Bethune Cookman Band Director Recognized

February 21, 2008 · Print This Article

Donovan Wells calls himself a country boy who grew up fishing and tending patches of vegetables on the family farm in Virginia, even earning money for school by packing hams in Smithfield.But the director of bands — including the Marching Wildcats — at Bethune-Cookman University in Daytona Beach has reached out far beyond the banks of Virginia’s James River, and not only with his music.

This month, he’s among the ambassadors of Historically Black Colleges and Universities (HBCU) featured in a free booklet titled “Profiles in Pride: March of the Mighty,” available at all Wal-Mart stores. Kraft, the other project sponsor, ensured the booklet’s food element, and Wells contributed the Crispy Fried Fish recipe he and his father have always used.

Editors chose marching bands as the focus of the ninth “Profiles in Pride” Black History Month publishing project to salute them “as highly regarded symbols of school spirit and showmanship — and for their exemplary work as ambassadors of their schools’ powerful legacies.”

On the page devoted to Wells and the high-profile Marching Wildcats, he answers a question about how being a band member instills lifelong values. Ask him about his fish recipe, and he immediately goes to the source of many of his lifelong values, his father, P.D., a model of a hard worker.

“My mom was the cook, but, when it came to frying fish, my dad did that,” he said recently by phone from his office on campus. “He had two other jobs, but he was also a commercial fisherman, working nets and pulling crab pots in the Chesapeake Bay.”
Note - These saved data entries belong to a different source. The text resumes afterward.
Lemma ltW a b : lt a b -> le a b. Proof. by case. Qed.
Lemma lt_irr a : ~ lt a a. Proof. by case. Qed.
Lemma lt_le_trans a b c : lt a b -> le b c -> lt a c.
Proof. by move=> [ab nab] bc; split=> [|eac]; [apply: le_trans bc | subst; apply/nab/le_anti]. Qed.
Lemma le_lt_trans a b c : le a b -> lt b c -> lt a c.
Proof. by move=> ab [bc nbc]; split=> [|eac]; [apply: le_trans bc | subst; apply/nbc/le_anti]. Qed.
Lemma lt_trans a b c : lt a b -> lt b c -> lt a c.
Proof. by move=> /ltW; apply: le_lt_trans. Qed.
Lemma lt_addl a b c : lt a b -> lt (addE c a) (addE c b).
Proof. by move=> [ab nab]; split=> [|/addEI //]; apply: le_addl. Qed.
Lemma lt_addr a b c : lt a b -> lt (addE a c) (addE b c).
Proof. by rewrite ![addE _ c]addEC; apply: lt_addl. Qed.
Lemma not_lt0E a : ~ lt a zeroE.
Proof. by move=> [a0 na0]; apply/na0/le_anti/le0E. Qed.
Lemma lt_addE_eps j a : lt a (addE (epsE j) a).
Proof.
split; first exact: le_addE.
by move/ffunP/(_ j)/eqP; rewrite !ffunE eqxx -{1}(add0n (a j)) eqn_add2r.
Qed.

(* An infinite descending chain contradicts Dickson's lemma, since a
   componentwise-larger exponent is larger for every admissible order. *)
Lemma admissible_wf : well_founded lt.
Proof.
move=> a0; apply: NNPP => not_acc0.
have down (b : {b | ~ Acc lt b}) : {b' : {b | ~ Acc lt b} | lt (sval b') (sval b)}.
  apply: constructive_indefinite_description; case: b => b not_acc /=.
  have [b' [b'b not_acc']] : exists b', lt b' b /\ ~ Acc lt b'.
    apply: NNPP => none; apply: not_acc; constructor => b' b'b.
    by apply: NNPP => ?; apply: none; exists b'.
  by exists (exist _ b' not_acc').
pose chain := fix chain m := if m is m'.+1 then sval (down (chain m')) else exist _ a0 not_acc0.
pose f m := sval (chain m).
have f_decr : {homo f : i j / (i < j)%N >-> lt j i}.
  apply: (@homo_ltn _ f (fun a b => lt b a)) => [y x z xy yz|m].
    exact: (lt_trans yz xy).
  by rewrite /f /=; case: (down (chain m)).
have [i [j [ij fij]]] := dickson f.
have f_ij : f j = addE [ffun c => (f j c - f i c)%N] (f i).
  by apply/ffunP => c; rewrite !ffunE subnK ?fij.
have fi_fj : le (f i) (f j) by rewrite f_ij; apply: le_addE.
exact: lt_irr (lt_le_trans (f_decr _ _ ij) fi_fj).
Qed.

End AdmissibleOrder.

Section Coordinates.
Variables (k : fieldType) (V : lmodType k) (I : eqType) (e : I -> V) (cf : V -> I -> k).
Hypothesis e_basis : Defs.coord_basis e cf.

Lemma coord_supp v : exists s : seq I, uniq s /\ forall i, cf v i <> 0 -> i \in s.
Proof.
case: e_basis => /(_ v) [s [uniq_s _ cf0]] _; exists s; split=> // i nz.
by apply: contraPT nz => /cf0 -> [].
Qed.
The senior Wells, now 73, also worked for the federal government as a nuclear welder and served as a minister.

Whenever Donovan Wells, 45, visits his parents in Virginia or they visit him and his family in Florida, it’s time for a fishing expedition.

The huge James River, where tidal waters extend far into Virginia, requires bottom fishing, more like deep-sea fishing. Wells wasn’t used to seeing the bottom, and certainly never saw the fish until he caught it.

Here in Florida — and in Mosquito Lagoon, one of his favorite fishing holes — “you sight cast for them,” Wells said. “If the fishes’ skills are better than yours, you won’t catch them.”

Some of his favorite fish are spots, red snapper and grouper. “But I really love crabs,” he said. “I always loved the water, anything to do with the water. I get that from my dad.”